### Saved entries
───

Lemma right_rec_of_left_rec :
  r 1 - r 0 * K' + r (-1) * Ci = 0 -> r 2 - r 1 * K' + r 0 * Ci = 0 ->
  forall n, r (n + 1) = r n * K' - r (n - 1) * Ci.
Proof.
move=> E0 E1 n; pose E n := r (n + 1) - r n * K' + r (n - 1) * Ci.
have E_rec m : E (m + 1) = K * E m - C * E (m - 1).
  have regroup (a b c d e f : R) :
      (a - b + c) - (d - e + f) = (a - d) - (b - e) + (c - f).
    by rewrite [- (_ + f)]opprD addrACA; congr (_ + _); rewrite !opprD !opprK addrACA.
  rewrite /E addrK subrK !mulrDr !mulrN regroup.
  have := left_rec (m + 1); rewrite addrK => ->.
  have := left_rec (m - 1); rewrite subrK => rm.
  by congr (_ - _ + _); rewrite ?left_rec ?rm mulrBl !mulrA.
have /eqP := left_rec_eq0 E_rec E0 E1 n.
by rewrite /E -addrA addr_eq0 opprD opprK addrC => /eqP.
Qed.

Hypothesis K'C : K' * C = K.
Hypothesis right_rec : forall n, r (n + 1) = r n * K' - r (n - 1) * Ci.

Lemma frieze_rel_of_recs : r 1 * C * r (-1) = r 0 * r 0 + 1 ->
  forall n, r (n + 1) * C * r (n - 1) = r n * r n + 1.
Proof.
move=> D0; pose D n := r (n + 1) * C * r (n - 1) - r n * r n.
have DS n : D (n + 1) = D n.
  rewrite /D addrK (right_rec (n + 1)) addrK mulrBl.
  rewrite -(mulrA _ K' C) K'C -(mulrA _ Ci C) CiC mulr1 mulrBl -(mulrA _ K).
  have -> : K * r n = r (n + 1) + C * r (n - 1) by rewrite left_rec subrK.
  rewrite mulrDr mulrA; set a := r (n + 1) * r (n + 1); set b := r (n + 1) * C * r (n - 1).
  by rewrite addrAC [a + b - a]addrAC subrr add0r.
have D1 : forall n, D n = 1.
  apply: int_ind_succ_pred => [|n Dn|n Dn].
  - by rewrite /D add0r sub0r D0 addrAC subrr add0r.
  - by rewrite DS.
  - by rewrite -Dn -{2}(subrK 1 n) DS.
by move=> n; have /eqP := D1 n; rewrite subr_eq => /eqP ->; rewrite addrC.
Qed.

End LinearRecurrence.

(* Unlike [coef], whose big operator is locked, [coefc] evaluates by [vm_compute]. *)
Definition coefc (p : lpoly) (w : word) : int :=
  foldr (fun t acc => (if reduce t.2 == w then t.1 else 0) + acc) 0 p.

Lemma coefcE p w : coef p w = coefc p w.
Proof. by elim: p => [|t p IH]; rewrite ?coef_nil // coef_cons IH. Qed.

Definition lpeqb (p q : lpoly) : bool :=
  all (fun w => coefc p w == coefc q w) (lsupp p ++ lsupp q).

Lemma lpeqbP p q : lpeqb p q -> lpeq p q.
Proof.
move=> /allP pq w; have [wpq | ] := boolP (w \in lsupp p ++ lsupp q).
  by rewrite !coefcE; apply/eqP/pq.
by rewrite mem_cat negb_or => /andP[wp wq]; rewrite !coef_notin_lsupp.
Qed.

Inductive lexpr :=
| LLeaf of lpoly | LAdd of lexpr & lexpr | LMul of lexpr & lexpr | LOpp of lexpr
| LOne | LZero.

Fixpoint lexpr_eval (e : lexpr) : laurent :=
  match e with
  | LLeaf p => lclass p
  | LAdd a b => lexpr_eval a + lexpr_eval b
  | LMul a b => lexpr_eval a * lexpr_eval b
  | LOpp a => - lexpr_eval a
  | LOne => 1
  | LZero => 0
  end.

Fixpoint lexpr_poly (e : lexpr) : lpoly :=
  match e with
  | LLeaf p => p
  | LAdd a b => ladd (lexpr_poly a) (lexpr_poly b)
  | LMul a b => lmul (lexpr_poly a) (lexpr_poly b)
  | LOpp a => lneg (lexpr_poly a)
  | LOne => lone
  | LZero => [::]
  end.

Lemma lexpr_evalE e : lexpr_eval e = lclass (lexpr_poly e).
Proof.
elim: e => [p|a IHa b IHb|a IHa b IHb|a IHa||] //=.
- by rewrite lclassD IHa IHb.
- by rewrite lclassM IHa IHb.
- by rewrite lclassN IHa.
Qed.

Ltac reify_laurent t :=
  match t with
  | (?a + ?b)%R => let x := reify_laurent a in let y := reify_laurent b in constr:(LAdd x y)
  | (?a * ?b)%R => let x := reify_laurent a in let y := reify_laurent b in constr:(LMul x y)
  | (- ?a)%R => let x := reify_laurent a in constr:(LOpp x)
  | 1%R => constr:(LOne)
  | 0%R => constr:(LZero)
  | lclass ?p => constr:(LLeaf p)
  end.
Lemma cascade_value_convex V : convex01 V -> convex01 (cascade_value V).
Proof.
  intros HV x y t Hx Hy Ht. unfold cascade_value.
  pose proof (HV x y t Hx Hy Ht).
  assert (t * Rmin x (1 - x) + (1 - t) * Rmin y (1 - y)
            <= Rmin (t * x + (1 - t) * y) (1 - (t * x + (1 - t) * y))).
  { assert (Rmin x (1 - x) <= x /\ Rmin x (1 - x) <= 1 - x) by (unfold Rmin; destruct Rle_dec; lra).
    assert (Rmin y (1 - y) <= y /\ Rmin y (1 - y) <= 1 - y) by (unfold Rmin; destruct Rle_dec; lra).
    unfold Rmin at 3. destruct Rle_dec; nra. }
  nra.
Qed.

Lemma informative_le_bellman V b q : bounded01 V -> convex01 V -> 0 <= b <= 1 -> 1/2 <= q <= 1 ->
  informative_value V b q <= bellman V b.
Proof.
  intros HVb HV Hb Hq.
  destruct (classic (1 - q <= b <= q)) as [Hinf | Hcasc].
  { rewrite <- qvalue_informative by exact Hinf. apply bellman_ge; assumption. }
  set (q0 := Rmax b (1 - b)).
  assert (Hq0 : q < q0).
  { unfold q0, Rmax. destruct (Rle_dec b (1 - b)); apply Rnot_le_lt; intro; apply Hcasc; split; lra. }
  assert (Hb0 : 1 - q0 <= b <= q0) by (unfold q0, Rmax; destruct Rle_dec; lra).
  assert (Hq01 : q0 <= 1) by (unfold q0, Rmax; destruct Rle_dec; lra).
  set (l := (q - 1/2) / (q0 - 1/2)).
  assert (Hl : 0 <= l <= 1).
  { split; [apply Rdiv_le_0_compat; lra | apply (Rdiv_le_1 (q - 1/2) (q0 - 1/2) ltac:(lra)); lra]. }
  assert (Hql : q = l * q0 + (1 - l) * (1/2)) by (unfold l; field; lra).
  pose proof (informative_value_convex_q V b q0 (1/2) l HV Hb ltac:(lra) ltac:(lra) Hl) as Hmix.
  rewrite <- Hql, <- (qvalue_informative V b q0 Hb0) in Hmix.
  pose proof (bellman_ge V b q0 HVb Hb ltac:(lra)).
  pose proof (bellman_ge V b (1/2) HVb Hb ltac:(lra)). rewrite qvalue_half in * by exact Hb.
  pose proof (informative_half_le V b).
  nra.
Qed.

Lemma bellman_convex V : bounded01 V -> convex01 V -> convex01 (bellman V).
Proof.
  intros HVb HV x y t Hx Hy Ht.
  assert (Hz : 0 <= t * x + (1 - t) * y <= 1) by nra.
  apply bellman_le; [exact Hz|]. intros q Hq.
  pose proof (informative_le_bellman V x q HVb HV Hx Hq).
  pose proof (informative_le_bellman V y q HVb HV Hy Hq).
  pose proof (bellman_ge V x (1/2) HVb Hx ltac:(lra)).
  pose proof (bellman_ge V y (1/2) HVb Hy ltac:(lra)).
  rewrite !qvalue_half in * by assumption.
  destruct (classic (1 - q <= t * x + (1 - t) * y <= q)) as [Hinf | Hcasc].
  - rewrite qvalue_informative by exact Hinf.
    pose proof (informative_value_convex_b V q HV ltac:(lra) x y t Hx Hy Ht). simpl in *. nra.
  - pose proof (qvalue_cascade V _ q Hcasc Hq).
    pose proof (cascade_value_convex V HV x y t Hx Hy Ht). nra.
Qed.

Lemma value_iter_convex n : convex01 (value_iter n).
Proof.
  induction n as [|n IHn]; simpl.
  - intros x y t _ _ _. lra.
  - apply bellman_convex; [apply value_iter_bounded | exact IHn].
Qed.

Lemma VAstar_convex : convex01 (VAstar beta C delta).
Proof.
  apply (convex01_approx _ value_iter (3 * K) delta delta_01 value_iter_convex).
  exact VAstar_near_value_iter.
Qed.

End Convexity.

End Bellman.

Theorem theorem2 (p C delta : R) (beta : R -> R)
  (hp : 1/2 <= p < 1) (hC : 0 < C) (hdelta : 0 <= delta < 1)
  (hbeta_nonneg : forall q, 1/2 <= q <= 1 -> 0 <= beta q)
  (hbeta_incr : forall q1 q2, 1/2 <= q1 -> q1 <= q2 -> q2 <= 1 -> beta q1 <= beta q2)
  (hbeta_cont : continuous_on_Icc beta (1/2) 1)
  (hbeta_concave : forall q1 q2 t, 1/2 <= q1 <= 1 -> 1/2 <= q2 <= 1 -> 0 <= t <= 1 ->
      t * beta q1 + (1 - t) * beta q2 <= beta (t * q1 + (1 - t) * q2))
  (hbeta_p : beta p = 0) :
  forall b1 b2 t, 0 <= b1 <= 1 -> 0 <= b2 <= 1 -> 0 <= t <= 1 ->
    VAstar beta C delta (t * b1 + (1 - t) * b2)
      <= t * VAstar beta C delta b1 + (1 - t) * VAstar beta C delta b2.
Proof.
  assert (Hrange : forall q, 1/2 <= q <= 1 -> 0 <= beta q <= beta 1).
  { intros q Hq. split; [apply hbeta_nonneg | apply hbeta_incr]; lra. }
  assert (Hhalf : beta (1/2) = 0).
  { pose proof (hbeta_incr (1/2) p ltac:(lra) ltac:(lra) ltac:(lra)).
    pose proof (hbeta_nonneg (1/2) ltac:(lra)). lra. }
  exact (VAstar_convex beta C delta hC hdelta Hrange Hhalf hbeta_concave).
Qed.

───

### TASK
Above are some records; copy exactly the lines from the one with "move=> E0 E1" through the one with "have -> : K", both included, and no others.

### WRITTEN RESPONSE
move=> E0 E1 n; pose E n := r (n + 1) - r n * K' + r (n - 1) * Ci.
have E_rec m : E (m + 1) = K * E m - C * E (m - 1).
  have regroup (a b c d e f : R) :
      (a - b + c) - (d - e + f) = (a - d) - (b - e) + (c - f).
    by rewrite [- (_ + f)]opprD addrACA; congr (_ + _); rewrite !opprD !opprK addrACA.
  rewrite /E addrK subrK !mulrDr !mulrN regroup.
  have := left_rec (m + 1); rewrite addrK => ->.
  have := left_rec (m - 1); rewrite subrK => rm.
  by congr (_ - _ + _); rewrite ?left_rec ?rm mulrBl !mulrA.
have /eqP := left_rec_eq0 E_rec E0 E1 n.
by rewrite /E -addrA addr_eq0 opprD opprK addrC => /eqP.
Qed.

Hypothesis K'C : K' * C = K.
Hypothesis right_rec : forall n, r (n + 1) = r n * K' - r (n - 1) * Ci.

Lemma frieze_rel_of_recs : r 1 * C * r (-1) = r 0 * r 0 + 1 ->
  forall n, r (n + 1) * C * r (n - 1) = r n * r n + 1.
Proof.
move=> D0; pose D n := r (n + 1) * C * r (n - 1) - r n * r n.
have DS n : D (n + 1) = D n.
  rewrite /D addrK (right_rec (n + 1)) addrK mulrBl.
  rewrite -(mulrA _ K' C) K'C -(mulrA _ Ci C) CiC mulr1 mulrBl -(mulrA _ K).
  have -> : K * r n = r (n + 1) + C * r (n - 1) by rewrite left_rec subrK.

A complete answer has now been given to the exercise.